Chapter 6. Matching Unicode and Other Characters

You will have occasion to match characters or ranges of characters that are outside the scope of ASCII. ASCII, or the American Standard Code for Information Interchange, defines an English character set—the letters A through Z in upper- and lowercase, plus control and other characters. It’s been around for a long time: The 128-character Latin-based set was standardized in 1968. That was back before there was such a thing as a personal computer, before VisiCalc, before the mouse, before the Web, but I still look up ASCII charts online regularly.

I remember when I started my career many years ago, I worked with an engineer who kept an ASCII code chart in his wallet. Just in case. The ASCII Code Chart: Don’t leave home without it.

So I won’t gainsay the importance of ASCII, but now it is dated, especially in light of the Unicode standard (http://www.unicode.org), which currently represents over 100,000 characters. Unicode, however, does not leave ASCII in the dust; it incorporates ASCII into its Basic Latin code table (see http://www.unicode.org/charts/PDF/U0000.pdf).

In this chapter, you will step out of the province of ASCII into the not-so-new world of Unicode.

The first text is voltaire.txt from the code archive, a quote from Voltaire (1694–1778), the French Enlightenment philosopher.

Qu’est-ce que la tolérance? c’est l’apanage de l’humanité. Nous sommes tous pétris de faiblesses et d’erreurs; pardonnons-nous réciproquement nos sottises, c’est la première loi de la nature.

Here is an English translation:

What is tolerance? It is the consequence of humanity. We are all formed of frailty and error; let us pardon reciprocally each other’s folly—that is the first law of nature.

There are a variety of ways you can specify a Unicode character, also known as a code point. (For the purposes of this book, a Unicode character is one that is outside of the range of ASCII, though that is not strictly accurate.)

Start out by placing the Voltaire quote in Regexpal (http://www.regexpal.com), and then entering this regular expression:

\u00e9

The \u is followed by a hexadecimal value 00e9 (this is case insensitive—that is, 00E9 works, too). The value 00e9 is equivalent to the decimal value 233, well out of the ASCII range (0–127).
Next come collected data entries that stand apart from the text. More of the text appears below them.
Lemma inst_fill X T t : inst T t -> inst (fill X T) (fill X t).
Proof.
elim: X => [|z L c IH R] //= Tt.
have -> : Meta z (L ++ TB (fill c t) :: R) =
    mcat (mstoup z) (mcat (Meta mset0 L) (mcat (mbrack (fill c t)) (Meta mset0 R))).
  by meta_eq.
apply: inst_Meta (inst_stoup_refl z) _.
exact: inst_seq_cat (inst_seq_refl L) (inst_consB (IH Tt) (inst_seq_refl R)).
Qed.

Lemma inst_fill_inv X T m : inst (fill X T) m ->
  exists f t, [/\ inst T t, m = plug f t &
    forall T' t', inst T' t' -> inst (fill X T') (plug f t')].
Proof.
elim: X m => [|z L c IH R] m /=.
  by move=> Tm; exists frame1, m; rewrite plug1; split=> // T' t'; rewrite plug1.
move=> /inst_Meta_inv [w [g [zw /inst_seq_cat_inv [gL [g' [HL]]]]]].
move=> /inst_seq_consB_inv [tc [gR [/IH [f [t [Tt -> Hf]]] HR ->]]] -> ->.
pose f' := frame_comp (Frame Hole (mcat (mstoup w) gL) gR) (frame_comp brack_frame f).
have E t' : mcat (mstoup w) (mcat gL (mcat (mbrack (plug f t')) gR)) = plug f' t'.
  by rewrite -!plug_comp -mbrack_plug /plug /= !mcatA.
exists f', t; rewrite E; split=> // T' t' /Hf Tt'.
by rewrite -E; apply: inst_Meta zw _; apply: inst_seq_cat HL (inst_consB Tt' HR).
Qed.

Definition inst_frame X z D1 D2 f : Prop :=
  forall z' S w sm, inst_stoup z' w -> inst_seq S sm ->
    inst (fill X (Meta (z `+` z') (D1 ++ S ++ D2))) (plug f (mcat (mstoup w) sm)).

Lemma inst_fill_focus X z z' D1 S D2 m :
  inst (fill X (Meta (z `+` z') (D1 ++ S ++ D2))) m ->
  exists f w sm, [/\ inst_frame X z D1 D2 f, inst_stoup z' w, inst_seq S sm &
    m = plug f (mcat (mstoup w) sm)].
Proof.
move=> /inst_fill_inv [f [t [/inst_Meta_inv [w [g [/stoupD_inst_inv [w1 [w2 [H1 H2 ->]]]]]]]]].
move=> /inst_seq_cat_inv [d1 [g' [HD1 /inst_seq_cat_inv [sm [d2 [HS HD2 ->]]] ->]]] -> -> Hf.
pose f' := frame_comp f (Frame Hole (mcat (mstoup w1) d1) d2).
have E w' sm' : plug f (mcat (mstoup (w1 `+` w')) (mcat d1 (mcat sm' d2))) =
    plug f' (mcat (mstoup w') sm').
  rewrite -plug_comp; congr plug; rewrite /plug /= mstoupD -!mcatA.
  by congr mcat; rewrite mcat_mstoupCA.
exists f', w2, sm; rewrite E; split=> // z'' S' w' sm' Hw' HS'.
rewrite -E; apply: Hf; apply: inst_Meta (stoup_instD H1 Hw') _.
exact: inst_seq_cat HD1 (inst_seq_cat HS' HD2).
Qed.

Lemma inst_frame_seq X z D1 D2 f S sm : inst_frame X z D1 D2 f -> inst_seq S sm ->
  inst (fill X (Meta z (D1 ++ S ++ D2))) (plug f sm).
Proof. by move=> Hf /(Hf _ _ _ _ (stoup_inst0 _)); rewrite msetD0 mcat0m. Qed.

Lemma inst_frame_formula X z D1 D2 f B b : inst_frame X z D1 D2 f -> sem B b ->
  inst (fill X (Meta z (D1 ++ TF B :: D2))) (plug f b).
Proof. by move=> Hf /inst_seq1F; apply: inst_frame_seq Hf. Qed.

Lemma inst_fill_focus_seq X z D1 S D2 m : inst (fill X (Meta z (D1 ++ S ++ D2))) m ->
  exists f sm, [/\ inst_frame X z D1 D2 f, inst_seq S sm & m = plug f sm].
Proof.
rewrite -{1}[z]msetD0 => /inst_fill_focus [f [w [sm [Hf /stoup_inst0_inv -> HS ->]]]].
by exists f, sm; rewrite mcat0m.
Qed.

Lemma inst_fill_focus_formula X z D1 B D2 m : inst (fill X (Meta z (D1 ++ TF B :: D2))) m ->
  exists f b, [/\ inst_frame X z D1 D2 f, sem B b & m = plug f b].
Proof.
by move=> /(inst_fill_focus_seq (S := [:: TF B])) [f [b [Hf /inst_seq1F Bb ->]]]; exists f, b.
Qed.

Definition valid (T : meta) (C : formula) : Prop := forall m, inst T m -> sem C m.

Lemma valid_ax A : valid (mform A) A.
Proof. by move=> m /inst_mform. Qed.

Lemma valid_oneR : valid mnil One.
Proof. by move=> m /inst_Meta0 /inst_seq_nil_inv ->; apply: cl_sub. Qed.

Lemma valid_overL X z1 z2 G D1 D2 B C D :
  valid (Meta z1 G) B -> valid (fill X (Meta z2 (D1 ++ TF C :: D2))) D ->
  valid (fill X (Meta (z1 `+` z2) (D1 ++ TF (Over C B) :: G ++ D2))) D.
Proof.
move=> VB VD m; rewrite msetDC => /(inst_fill_focus (S := TF (Over C B) :: G)).
move=> [f [w [sm [Hf Hw /inst_seq_consF_inv [p [g [Hp HG ->]]] ->]]]].
by rewrite mcat_mstoupCA; apply/VD/(inst_frame_formula Hf)/Hp/VB/inst_Meta.
Qed.

Lemma valid_overR z G B C :
  valid (Meta z (G ++ [:: TF B])) C -> valid (Meta z G) (Over C B).
Proof.
move=> VC _ /inst_Meta_inv [w [g [Hw HG ->]]] n Bn.
by rewrite -mcatA; apply/VC/inst_Meta/inst_seq_cat/inst_seq1F.
Qed.

Lemma valid_underL X z1 z2 G D1 D2 A C D :
  valid (Meta z1 G) A -> valid (fill X (Meta z2 (D1 ++ TF C :: D2))) D ->
  valid (fill X (Meta (z1 `+` z2) (D1 ++ G ++ TF (Under A C) :: D2))) D.
Proof.
move=> VA VD m; rewrite msetDC -cat_rcons -cats1 => /inst_fill_focus.
move=> [f [w [sm [Hf Hw /inst_seq_cat_inv [g [p [HG /inst_seq1F Hp ->]]] ->]]]].
by rewrite mcatA; apply/VD/(inst_frame_formula Hf)/Hp/VA/inst_Meta.
Qed.

Lemma valid_underR z G A C :
  valid (Meta z (TF A :: G)) C -> valid (Meta z G) (Under A C).
Proof.
move=> VC _ /inst_Meta_inv [w [g [Hw HG ->]]] n An.
by rewrite -mcat_mstoupCA; apply/VC/inst_Meta/inst_consF.
Qed.

Lemma valid_prodL X z D1 D2 A B D :
  valid (fill X (Meta z (D1 ++ TF A :: TF B :: D2))) D ->
  valid (fill X (Meta z (D1 ++ TF (Prod A B) :: D2))) D.
Proof.
move=> VD m /inst_fill_focus_formula [f [p [Hf Hp ->]]].
apply: closed_cl_plug (sem_closed D) Hp _ => _ [a [b [Aa Bb ->]]].
apply/VD/(inst_frame_seq (S := [:: TF A; TF B]) Hf).
by apply: (inst_seq_cat (G1 := [:: TF A])); apply/inst_seq1F.
Qed.

Lemma valid_prodR z1 z2 D G A B :
  valid (Meta z1 D) A -> valid (Meta z2 G) B -> valid (Meta (z1 `+` z2) (D ++ G)) (Prod A B).
Proof.
move=> VA VB m /inst_Meta_inv [w [dg [/stoupD_inst_inv [w1 [w2 [H1 H2 ->]]]]]].
move=> /inst_seq_cat_inv [d [g [HD HG ->]]] ->; apply: cl_sub.
exists (mcat (mstoup w1) d), (mcat (mstoup w2) g); split.
- exact/VA/inst_Meta.
- exact/VB/inst_Meta.
- by rewrite mstoupD -!mcatA; congr mcat; rewrite mcat_mstoupCA.
Qed.

Lemma valid_oneL X z D1 D2 A :
  valid (fill X (Meta z (D1 ++ D2))) A -> valid (fill X (Meta z (D1 ++ TF One :: D2))) A.
Proof.
move=> VA m /inst_fill_focus_formula [f [p [Hf Hp ->]]].
apply: closed_cl_plug (sem_closed A) Hp _ => _ <-.
exact/VA/(inst_frame_seq (S := [::]) Hf)/inst_nil.
Qed.

Lemma valid_orL X z D1 D2 A1 A2 C :
  valid (fill X (Meta z (D1 ++ TF A1 :: D2))) C ->
  valid (fill X (Meta z (D1 ++ TF A2 :: D2))) C ->
  valid (fill X (Meta z (D1 ++ TF (Or A1 A2) :: D2))) C.
Proof.
move=> V1 V2 m /inst_fill_focus_formula [f [p [Hf Hp ->]]].
apply: closed_cl_plug (sem_closed C) Hp _ => q [] /(inst_frame_formula Hf).
  exact: V1.
exact: V2.
Qed.

Lemma valid_orR1 Xi A1 A2 : valid Xi A1 -> valid Xi (Or A1 A2).
Proof. by move=> V1 m /V1 A1m; apply: cl_sub; left. Qed.

Lemma valid_orR2 Xi A1 A2 : valid Xi A2 -> valid Xi (Or A1 A2).
Proof. by move=> V2 m /V2 A2m; apply: cl_sub; right. Qed.

Lemma valid_andL1 X z D1 D2 A1 A2 C :
  valid (fill X (Meta z (D1 ++ TF A1 :: D2))) C ->
  valid (fill X (Meta z (D1 ++ TF (And A1 A2) :: D2))) C.
Proof.
by move=> VC m /inst_fill_focus_formula [f [p [Hf [Hp _] ->]]]; apply/VC/(inst_frame_formula Hf).
Qed.

Lemma valid_andL2 X z D1 D2 A1 A2 C :
  valid (fill X (Meta z (D1 ++ TF A2 :: D2))) C ->
  valid (fill X (Meta z (D1 ++ TF (And A1 A2) :: D2))) C.
Proof.
by move=> VC m /inst_fill_focus_formula [f [p [Hf [_ Hp] ->]]]; apply/VC/(inst_frame_formula Hf).
Qed.

Lemma valid_andR Xi A1 A2 : valid Xi A1 -> valid Xi A2 -> valid Xi (And A1 A2).
Proof. by move=> V1 V2 m Hm; split; [apply: V1 | apply: V2]. Qed.

Lemma valid_boxinvL X z D1 D2 A B :
  valid (fill X (Meta z (D1 ++ TF A :: D2))) B ->
  valid (fill X (Meta z (D1 ++ TB (mform (BoxInv A)) :: D2))) B.
Proof.
move=> VB m /(inst_fill_focus_seq (S := [:: TB _])) [f [_ [Hf /inst_seq1B_inv [t Ht ->] ->]]].
by move/inst_mform: Ht => At; apply/VB/(inst_frame_formula Hf).
Qed.

Lemma valid_boxinvR Xi A : valid (Meta mset0 [:: TB Xi]) A -> valid Xi (BoxInv A).
Proof. by move=> VA m /inst_seq1B /inst_Meta0; apply: VA. Qed.

Lemma valid_diamL X z D1 D2 A B :
  valid (fill X (Meta z (D1 ++ TB (mform A) :: D2))) B ->
  valid (fill X (Meta z (D1 ++ TF (Diam A) :: D2))) B.
Proof.
move=> VB m /inst_fill_focus_formula [f [p [Hf Hp ->]]].
apply: closed_cl_plug (sem_closed B) Hp _ => _ [a /inst_mform Aa ->].
exact/VB/(inst_frame_seq (S := [:: TB _]) Hf)/inst_seq1B.
Qed.

Lemma valid_diamR Xi A : valid Xi A -> valid (Meta mset0 [:: TB Xi]) (Diam A).
Proof. by move=> VA m /inst_Meta0 /inst_seq1B_inv [t /VA At ->]; apply: cl_sub; exists t. Qed.

Lemma valid_bangL X z G1 G2 A B :
  valid (fill X (Meta (z `+` [mset A]) (G1 ++ G2))) B ->
  valid (fill X (Meta z (G1 ++ TF (Bang A) :: G2))) B.
Proof.
move=> VB m /inst_fill_focus_formula [f [p [Hf Hp ->]]].
apply: closed_cl_plug (sem_closed B) Hp _ => _ [[w w0 ->] Aw].
by rewrite -[mstoup w]mcatm0; apply/VB/(Hf _ [::])/inst_nil; apply: stoup_inst1.
Qed.

Lemma valid_bangP X z G1 G2 A B :
  valid (fill X (Meta z (G1 ++ TF A :: G2))) B ->
  valid (fill X (Meta (z `+` [mset A]) (G1 ++ G2))) B.
Proof.
move=> VB m /(inst_fill_focus (S := [::])) [f [w [sm [Hf /stoup_inst1_inv [_ Aw]]]]].
move=> /inst_seq_nil_inv -> ->.
by rewrite mcatm0; apply/VB/(inst_frame_formula Hf).
Qed.

Lemma valid_bangR z B : z != mset0 -> valid (Meta z [::]) B -> valid (Meta z [::]) (Bang B).
Proof.
move=> z0 VB _ /inst_Meta_inv [w [g [Hw /inst_seq_nil_inv -> ->]]].
apply: cl_sub; split; last exact/VB/inst_Meta/inst_nil.
by exists w; [apply: stoup_inst_neq0 Hw z0 => ? ? [] | rewrite mcatm0].
Qed.

Lemma valid_bangC X z1 z2 z' G1 G2 G3 C : z2 != mset0 ->
  valid (fill X (Meta (z1 `+` z2) (G1 ++ TB (Meta (z' `+` z2) G2) :: G3))) C ->
  valid (fill X (Meta (z1 `+` z2 `+` z') (G1 ++ G2 ++ G3))) C.
Proof.
move=> z20 VC m; rewrite -msetDA => /(inst_fill_focus (S := G2)).
move=> [f [_ [sm [Hf /stoupD_inst_inv [w2 [w' [H2 H' ->]]] HS ->]]]].
have := VC _ (Hf _ [:: TB _] _ _ H2 (inst_seq1B (inst_Meta (stoup_instD H' H2) HS))).
have w20 : w2 != mset0 by apply: stoup_inst_neq0 H2 z20 => ? ? [].
by apply: closed_rule (sem_closed C) _ => g D; rewrite !plug_comp; apply: plug_bangC.
Qed.

Lemma derivable_valid T C : derivable T C -> valid T C.
Proof.
elim=> {T C} *;
  by [ apply: valid_ax | apply: valid_oneR | apply: valid_overL | apply: valid_overR
     | apply: valid_underL | apply: valid_underR | apply: valid_prodL | apply: valid_prodR
     | apply: valid_oneL | apply: valid_orL | apply: valid_orR1 | apply: valid_orR2
     | apply: valid_andL1 | apply: valid_andL2 | apply: valid_andR | apply: valid_boxinvL
     | apply: valid_boxinvR | apply: valid_diamL | apply: valid_diamR | apply: valid_bangL
     | apply: valid_bangP | apply: valid_bangR | apply: valid_bangC ].
Qed.

Theorem theorem2 (xi zeta : stoup) (Pi G1 G2 : seq tterm) (A C : formula) (X : ctx) :
  derivable (Meta xi Pi) A ->
  derivable (fill X (Meta zeta (G1 ++ TF A :: G2))) C ->
  derivable (fill X (Meta (msetD xi zeta) (G1 ++ Pi ++ G2))) C.
Proof.
move=> dA dC.
have A_xiPi : sem A (Meta xi Pi) := derivable_valid dA (inst_refl _).
have cut_inst : inst (Meta zeta (G1 ++ TF A :: G2)) (Meta (xi `+` zeta) (G1 ++ Pi ++ G2)).
  have -> : Meta (xi `+` zeta) (G1 ++ Pi ++ G2) =
      mcat (mstoup zeta) (mcat (Meta mset0 G1) (mcat (Meta xi Pi) (Meta mset0 G2))).
    by meta_eq.
  apply: inst_Meta (inst_stoup_refl zeta) _.
  exact: inst_seq_cat (inst_seq_refl G1) (inst_consF A_xiPi (inst_seq_refl G2)).
exact: sem_derivable (derivable_valid dC (inst_fill X cut_inst)).
Qed.
Lemma ctx_closure_tilde_sim_left G E T0 T1 : is_env G -> X_env X E -> tilde_incl G E ->
  closed T0 -> closed T1 -> tilde_open E T0 T1 -> sim_left (ctx_closure X) G T0 T1.
Proof.
  intros HG HXE Hincl Hc0 Hc1 H. pose proof (bisim_env_is_env E HXE) as HE.
  split; [| split].
  - intros T0' Hs. exact (ctx_closure_tilde_step G E T0 T0' T1 HG HXE Hincl Hc0 Hc1 H Hs).
  - intros Hv. assert (Hv1 : is_value T1) by (eapply tilde_open_value; eauto).
    exists T1. split; [constructor | split; auto].
    apply (ctx_closure_env_add X G E); auto.
  - intros Hs. assert (Hs1 : stuck T1) by (apply (tilde_open_stuck E T0); auto).
    exists T1. split; [constructor | split; auto].
    apply (ctx_closure_env_add X G E); auto.
Qed.

Lemma ctx_closure_plug_normal_sim_left G E F0 F1 s0 s1 : is_env G -> tilde_incl G E ->
  hat E F0 F1 -> X_tri X E s0 s1 -> normal_form s0 ->
  sim_left (ctx_closure X) G (plug F0 s0) (plug F1 s1).
Proof.
  intros HG Hincl Hh Hs Hnf.
  destruct (bisim_sim_left E s0 s1 Hs) as (_ & Hval & Hstuck).
  assert (Hs1 : exists s1', steps s1 s1' /\ X_env X (env_add E s0 s1')).
  { destruct Hnf as [Hv | Hst].
    - destruct (Hval Hv) as (s1' & ? & _ & ?); eauto.
    - destruct (Hstuck Hst) as (s1' & ? & _ & ?); eauto. }
  destruct Hs1 as (s1' & Hsteps & HXE').
  destruct (bisim_env_is_env _ HXE' s0 s1' (or_intror (conj eq_refl eq_refl)))
    as (Hcs0 & Hcs1' & _).
  destruct (hat_closed_ctx _ _ _ Hh) as [HF0 HF1].
  apply (sim_left_steps _ _ _ _ (plug F1 s1')); [now apply steps_plug |].
  apply (ctx_closure_tilde_sim_left G (env_add E s0 s1')); auto using tilde_incl_env_add.
  - now apply closed_plug.
  - now apply closed_plug.
  - apply hat_open_plug; [| now apply to_base; right].
    apply (hat_open_sub E); [intros; apply to_base; now left | now apply hat_hat_open].
Qed.

Lemma ctx_closure_plug_sim_left G E F0 F1 s0 s1 : is_env G -> tilde_incl G E ->
  hat E F0 F1 -> X_tri X E s0 s1 -> sim_left (ctx_closure X) G (plug F0 s0) (plug F1 s1).
Proof.
  intros HG Hincl Hh Hs.
  destruct (bisim_tri_closed E s0 s1 Hs) as (_ & Hcs0 & Hcs1).
  destruct (hat_closed_ctx _ _ _ Hh) as [HF0 HF1].
  destruct (closed_trichotomy s0 Hcs0) as [Hv | [[u Hu] | (E0 & t & HE0 & ->)]].
  - apply (ctx_closure_plug_normal_sim_left G E); auto. now left.
  - pose proof (step_plug F0 _ _ Hu) as Hstep. split; [| split].
    + intros T0' HT0. rewrite (step_det _ _ _ HT0 Hstep).
      destruct (bisim_sim_left E s0 s1 Hs) as (Hsim & _).
      destruct (Hsim u Hu) as (s1' & Hsteps & Hs').
      destruct (bisim_tri_closed E u s1' Hs') as (_ & Hcu & Hcs1').
      exists (plug F1 s1'). split; [now apply steps_plug |].
      refine (conj HG (conj _ (conj _ _))); try (apply closed_plug; auto).
      now apply (cct_plug X G E).
    + intros Hv. exfalso. exact (value_no_step _ _ Hv Hstep).
    + intros [_ Hst]. exfalso. exact (Hst _ Hstep).
  - apply (ctx_closure_plug_normal_sim_left G E); auto. right. now apply pure_shift_stuck.
Qed.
Notice that the letter é (small letter e with an acute accent) is highlighted in Regexpal (see Figure 6-1). That’s because é is the code point U+00E9 in Unicode, which was matched by \u00e9.

Regexpal uses the JavaScript implementation of regular expressions. JavaScript also allows you to use this syntax:

\xe9

Try this in Regexpal and see how it matches the same character as \u00e9.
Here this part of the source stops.